◆ **Task statement**
Your answer should be only the lines below from the one with "Lemma pf_term_swap X" to the one with "End PfaffianTerms.", repeated exactly, ends included.

○ ○ ○ ○ ○ ○ ○

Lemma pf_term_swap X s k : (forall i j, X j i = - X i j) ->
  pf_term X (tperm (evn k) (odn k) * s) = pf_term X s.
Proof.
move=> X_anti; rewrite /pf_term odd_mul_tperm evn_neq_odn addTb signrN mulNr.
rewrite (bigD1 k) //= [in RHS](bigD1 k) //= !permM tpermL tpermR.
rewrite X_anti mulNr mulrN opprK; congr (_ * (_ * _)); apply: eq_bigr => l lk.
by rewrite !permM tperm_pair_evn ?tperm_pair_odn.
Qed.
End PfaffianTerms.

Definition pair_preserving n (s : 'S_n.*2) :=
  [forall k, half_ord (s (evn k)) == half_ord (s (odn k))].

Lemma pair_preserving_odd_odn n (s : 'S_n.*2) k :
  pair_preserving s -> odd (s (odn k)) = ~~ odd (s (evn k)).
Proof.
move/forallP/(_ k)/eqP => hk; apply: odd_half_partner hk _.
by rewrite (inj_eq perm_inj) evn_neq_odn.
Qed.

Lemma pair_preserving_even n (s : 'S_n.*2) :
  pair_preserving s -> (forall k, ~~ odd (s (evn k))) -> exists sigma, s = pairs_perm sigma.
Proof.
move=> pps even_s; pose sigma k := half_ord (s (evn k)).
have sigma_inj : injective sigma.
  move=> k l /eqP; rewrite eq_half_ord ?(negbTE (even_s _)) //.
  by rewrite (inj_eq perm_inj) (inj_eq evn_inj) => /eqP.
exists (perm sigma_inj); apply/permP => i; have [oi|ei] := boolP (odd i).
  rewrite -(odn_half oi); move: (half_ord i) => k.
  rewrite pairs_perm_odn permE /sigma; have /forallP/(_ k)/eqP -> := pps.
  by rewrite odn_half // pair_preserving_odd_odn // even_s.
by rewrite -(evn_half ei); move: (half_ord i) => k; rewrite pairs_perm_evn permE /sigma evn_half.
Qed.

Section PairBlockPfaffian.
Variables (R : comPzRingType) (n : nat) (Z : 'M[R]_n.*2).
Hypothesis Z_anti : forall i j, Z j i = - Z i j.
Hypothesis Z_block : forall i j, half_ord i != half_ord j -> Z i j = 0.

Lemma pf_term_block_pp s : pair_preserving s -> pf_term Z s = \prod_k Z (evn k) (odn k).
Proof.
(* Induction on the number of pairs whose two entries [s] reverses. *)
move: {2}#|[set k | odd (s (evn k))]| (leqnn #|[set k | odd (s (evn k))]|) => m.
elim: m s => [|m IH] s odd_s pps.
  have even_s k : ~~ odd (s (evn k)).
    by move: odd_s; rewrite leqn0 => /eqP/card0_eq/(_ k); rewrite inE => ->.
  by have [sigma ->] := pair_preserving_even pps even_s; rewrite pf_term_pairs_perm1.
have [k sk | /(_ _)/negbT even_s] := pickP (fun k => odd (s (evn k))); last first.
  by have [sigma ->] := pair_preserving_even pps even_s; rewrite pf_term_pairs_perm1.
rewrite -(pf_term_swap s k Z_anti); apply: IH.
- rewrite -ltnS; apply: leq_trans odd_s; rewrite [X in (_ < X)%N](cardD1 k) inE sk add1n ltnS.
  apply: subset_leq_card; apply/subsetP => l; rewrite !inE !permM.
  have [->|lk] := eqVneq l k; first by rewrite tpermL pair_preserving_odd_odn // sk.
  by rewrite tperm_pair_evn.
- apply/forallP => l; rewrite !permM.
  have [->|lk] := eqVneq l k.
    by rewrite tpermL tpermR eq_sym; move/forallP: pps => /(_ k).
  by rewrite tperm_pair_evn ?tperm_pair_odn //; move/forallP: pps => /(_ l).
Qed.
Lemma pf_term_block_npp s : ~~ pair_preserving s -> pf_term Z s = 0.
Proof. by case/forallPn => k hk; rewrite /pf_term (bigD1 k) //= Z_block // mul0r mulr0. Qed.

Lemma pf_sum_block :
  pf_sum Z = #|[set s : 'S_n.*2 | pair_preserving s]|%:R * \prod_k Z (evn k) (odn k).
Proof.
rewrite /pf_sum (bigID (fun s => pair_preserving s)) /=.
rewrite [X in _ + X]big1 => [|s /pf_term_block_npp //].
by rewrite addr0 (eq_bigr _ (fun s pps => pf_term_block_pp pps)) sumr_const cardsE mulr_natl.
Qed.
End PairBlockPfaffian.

○ ○ ○ ○ ○ ○ ○

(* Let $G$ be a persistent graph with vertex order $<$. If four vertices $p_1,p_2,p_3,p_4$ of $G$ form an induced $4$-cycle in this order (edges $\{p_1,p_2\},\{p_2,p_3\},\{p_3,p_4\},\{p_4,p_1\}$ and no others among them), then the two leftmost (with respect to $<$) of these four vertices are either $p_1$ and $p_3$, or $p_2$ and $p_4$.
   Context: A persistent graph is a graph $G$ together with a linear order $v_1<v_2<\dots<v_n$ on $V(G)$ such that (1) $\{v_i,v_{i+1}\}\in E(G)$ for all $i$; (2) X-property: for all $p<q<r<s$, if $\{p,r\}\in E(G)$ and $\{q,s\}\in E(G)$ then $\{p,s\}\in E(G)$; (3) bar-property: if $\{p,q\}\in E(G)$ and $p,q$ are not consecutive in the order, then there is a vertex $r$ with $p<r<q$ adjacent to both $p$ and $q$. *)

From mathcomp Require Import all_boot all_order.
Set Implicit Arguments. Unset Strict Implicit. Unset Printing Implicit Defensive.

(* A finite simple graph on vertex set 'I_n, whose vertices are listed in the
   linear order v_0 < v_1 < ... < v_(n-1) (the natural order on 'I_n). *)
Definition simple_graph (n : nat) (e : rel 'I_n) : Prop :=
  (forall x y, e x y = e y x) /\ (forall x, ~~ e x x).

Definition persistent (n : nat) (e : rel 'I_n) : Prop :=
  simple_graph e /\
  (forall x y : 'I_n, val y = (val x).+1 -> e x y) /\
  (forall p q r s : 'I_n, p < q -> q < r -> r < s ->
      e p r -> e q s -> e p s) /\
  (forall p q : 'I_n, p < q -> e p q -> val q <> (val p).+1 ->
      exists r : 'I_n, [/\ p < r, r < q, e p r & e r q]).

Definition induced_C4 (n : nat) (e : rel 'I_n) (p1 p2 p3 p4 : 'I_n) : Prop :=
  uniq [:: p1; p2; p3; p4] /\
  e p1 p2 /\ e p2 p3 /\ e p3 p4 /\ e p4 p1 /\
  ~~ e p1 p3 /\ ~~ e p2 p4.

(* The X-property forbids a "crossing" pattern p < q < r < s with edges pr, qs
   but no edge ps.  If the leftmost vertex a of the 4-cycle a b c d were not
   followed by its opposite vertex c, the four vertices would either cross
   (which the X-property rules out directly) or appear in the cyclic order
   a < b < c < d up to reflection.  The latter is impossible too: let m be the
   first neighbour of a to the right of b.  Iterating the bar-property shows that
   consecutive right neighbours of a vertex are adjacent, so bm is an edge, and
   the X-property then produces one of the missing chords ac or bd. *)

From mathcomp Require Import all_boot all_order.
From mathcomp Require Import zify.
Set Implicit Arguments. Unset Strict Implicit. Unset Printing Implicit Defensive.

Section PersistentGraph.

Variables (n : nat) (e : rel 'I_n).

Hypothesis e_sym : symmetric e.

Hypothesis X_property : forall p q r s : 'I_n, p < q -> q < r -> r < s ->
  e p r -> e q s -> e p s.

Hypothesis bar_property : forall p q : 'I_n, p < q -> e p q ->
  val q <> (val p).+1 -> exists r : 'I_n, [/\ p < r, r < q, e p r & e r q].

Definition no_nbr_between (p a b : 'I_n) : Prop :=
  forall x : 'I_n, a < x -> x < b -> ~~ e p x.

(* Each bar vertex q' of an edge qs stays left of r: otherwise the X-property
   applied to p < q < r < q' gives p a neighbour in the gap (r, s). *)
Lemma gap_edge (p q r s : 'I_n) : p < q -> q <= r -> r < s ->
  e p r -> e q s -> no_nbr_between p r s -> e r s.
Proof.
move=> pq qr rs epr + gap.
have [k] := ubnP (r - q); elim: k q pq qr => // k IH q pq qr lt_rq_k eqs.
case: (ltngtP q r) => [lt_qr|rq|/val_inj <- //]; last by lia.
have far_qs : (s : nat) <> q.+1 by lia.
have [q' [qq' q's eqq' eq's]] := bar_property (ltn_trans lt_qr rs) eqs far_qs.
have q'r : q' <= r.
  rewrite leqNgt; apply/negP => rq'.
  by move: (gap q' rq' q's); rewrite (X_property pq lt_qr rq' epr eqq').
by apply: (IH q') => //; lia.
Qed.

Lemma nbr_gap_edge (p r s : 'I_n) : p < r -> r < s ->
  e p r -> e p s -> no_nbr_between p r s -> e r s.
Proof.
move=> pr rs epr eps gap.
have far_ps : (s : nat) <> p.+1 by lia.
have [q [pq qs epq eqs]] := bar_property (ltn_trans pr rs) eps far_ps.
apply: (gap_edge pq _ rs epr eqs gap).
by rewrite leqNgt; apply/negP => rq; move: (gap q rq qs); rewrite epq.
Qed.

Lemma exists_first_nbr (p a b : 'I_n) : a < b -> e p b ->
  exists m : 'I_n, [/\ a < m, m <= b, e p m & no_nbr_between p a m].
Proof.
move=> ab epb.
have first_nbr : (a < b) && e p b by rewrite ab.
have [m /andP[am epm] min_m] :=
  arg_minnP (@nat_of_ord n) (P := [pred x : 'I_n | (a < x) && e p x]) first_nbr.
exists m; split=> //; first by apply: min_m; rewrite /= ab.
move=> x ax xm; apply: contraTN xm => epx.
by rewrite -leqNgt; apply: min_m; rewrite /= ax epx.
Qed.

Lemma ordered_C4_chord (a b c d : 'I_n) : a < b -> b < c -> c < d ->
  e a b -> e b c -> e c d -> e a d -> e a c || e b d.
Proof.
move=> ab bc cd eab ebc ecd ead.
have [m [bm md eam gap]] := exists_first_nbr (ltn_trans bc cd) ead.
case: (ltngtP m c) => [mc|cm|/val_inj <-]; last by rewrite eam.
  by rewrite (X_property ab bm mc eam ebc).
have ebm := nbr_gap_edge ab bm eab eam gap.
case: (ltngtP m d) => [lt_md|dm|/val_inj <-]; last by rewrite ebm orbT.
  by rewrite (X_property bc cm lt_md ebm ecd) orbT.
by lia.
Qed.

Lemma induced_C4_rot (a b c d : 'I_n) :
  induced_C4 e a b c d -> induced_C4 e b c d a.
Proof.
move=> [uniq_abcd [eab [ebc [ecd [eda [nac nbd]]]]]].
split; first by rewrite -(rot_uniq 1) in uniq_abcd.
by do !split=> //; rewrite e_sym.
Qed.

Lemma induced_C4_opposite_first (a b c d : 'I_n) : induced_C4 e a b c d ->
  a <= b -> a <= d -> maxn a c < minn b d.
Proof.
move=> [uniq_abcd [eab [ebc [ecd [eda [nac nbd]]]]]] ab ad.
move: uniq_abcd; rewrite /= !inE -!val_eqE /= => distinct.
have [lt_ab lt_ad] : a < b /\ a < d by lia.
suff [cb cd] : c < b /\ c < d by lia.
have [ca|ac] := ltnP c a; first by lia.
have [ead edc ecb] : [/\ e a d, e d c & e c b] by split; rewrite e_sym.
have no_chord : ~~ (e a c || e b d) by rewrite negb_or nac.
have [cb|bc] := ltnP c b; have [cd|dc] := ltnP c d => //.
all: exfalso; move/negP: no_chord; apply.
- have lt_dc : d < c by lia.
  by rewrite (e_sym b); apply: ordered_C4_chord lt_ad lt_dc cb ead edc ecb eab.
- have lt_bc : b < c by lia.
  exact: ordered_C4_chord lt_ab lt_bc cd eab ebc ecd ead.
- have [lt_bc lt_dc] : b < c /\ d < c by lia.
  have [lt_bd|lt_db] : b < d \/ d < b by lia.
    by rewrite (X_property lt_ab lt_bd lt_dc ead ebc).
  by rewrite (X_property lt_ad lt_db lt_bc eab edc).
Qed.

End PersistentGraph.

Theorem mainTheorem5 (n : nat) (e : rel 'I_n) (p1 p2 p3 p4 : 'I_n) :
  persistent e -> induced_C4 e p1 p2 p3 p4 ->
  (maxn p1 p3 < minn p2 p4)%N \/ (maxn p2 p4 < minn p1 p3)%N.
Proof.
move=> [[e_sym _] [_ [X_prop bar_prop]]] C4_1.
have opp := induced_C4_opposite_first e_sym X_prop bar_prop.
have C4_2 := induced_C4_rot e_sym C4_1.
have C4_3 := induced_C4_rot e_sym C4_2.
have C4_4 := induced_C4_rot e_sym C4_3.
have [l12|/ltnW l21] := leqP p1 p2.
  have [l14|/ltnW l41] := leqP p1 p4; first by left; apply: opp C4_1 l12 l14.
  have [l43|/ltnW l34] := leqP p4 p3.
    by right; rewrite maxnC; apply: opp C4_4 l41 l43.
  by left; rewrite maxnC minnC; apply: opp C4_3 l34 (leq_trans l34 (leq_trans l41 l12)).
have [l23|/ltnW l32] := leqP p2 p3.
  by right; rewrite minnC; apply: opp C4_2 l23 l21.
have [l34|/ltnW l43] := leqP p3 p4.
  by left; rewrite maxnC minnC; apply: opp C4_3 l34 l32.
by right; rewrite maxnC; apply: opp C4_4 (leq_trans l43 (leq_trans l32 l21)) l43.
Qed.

○ ○ ○ ○ ○ ○ ○

◆ **Response to the task**
Lemma pf_term_swap X s k : (forall i j, X j i = - X i j) ->
  pf_term X (tperm (evn k) (odn k) * s) = pf_term X s.
Proof.
move=> X_anti; rewrite /pf_term odd_mul_tperm evn_neq_odn addTb signrN mulNr.
rewrite (bigD1 k) //= [in RHS](bigD1 k) //= !permM tpermL tpermR.
rewrite X_anti mulNr mulrN opprK; congr (_ * (_ * _)); apply: eq_bigr => l lk.
by rewrite !permM tperm_pair_evn ?tperm_pair_odn.
Qed.
End PfaffianTerms.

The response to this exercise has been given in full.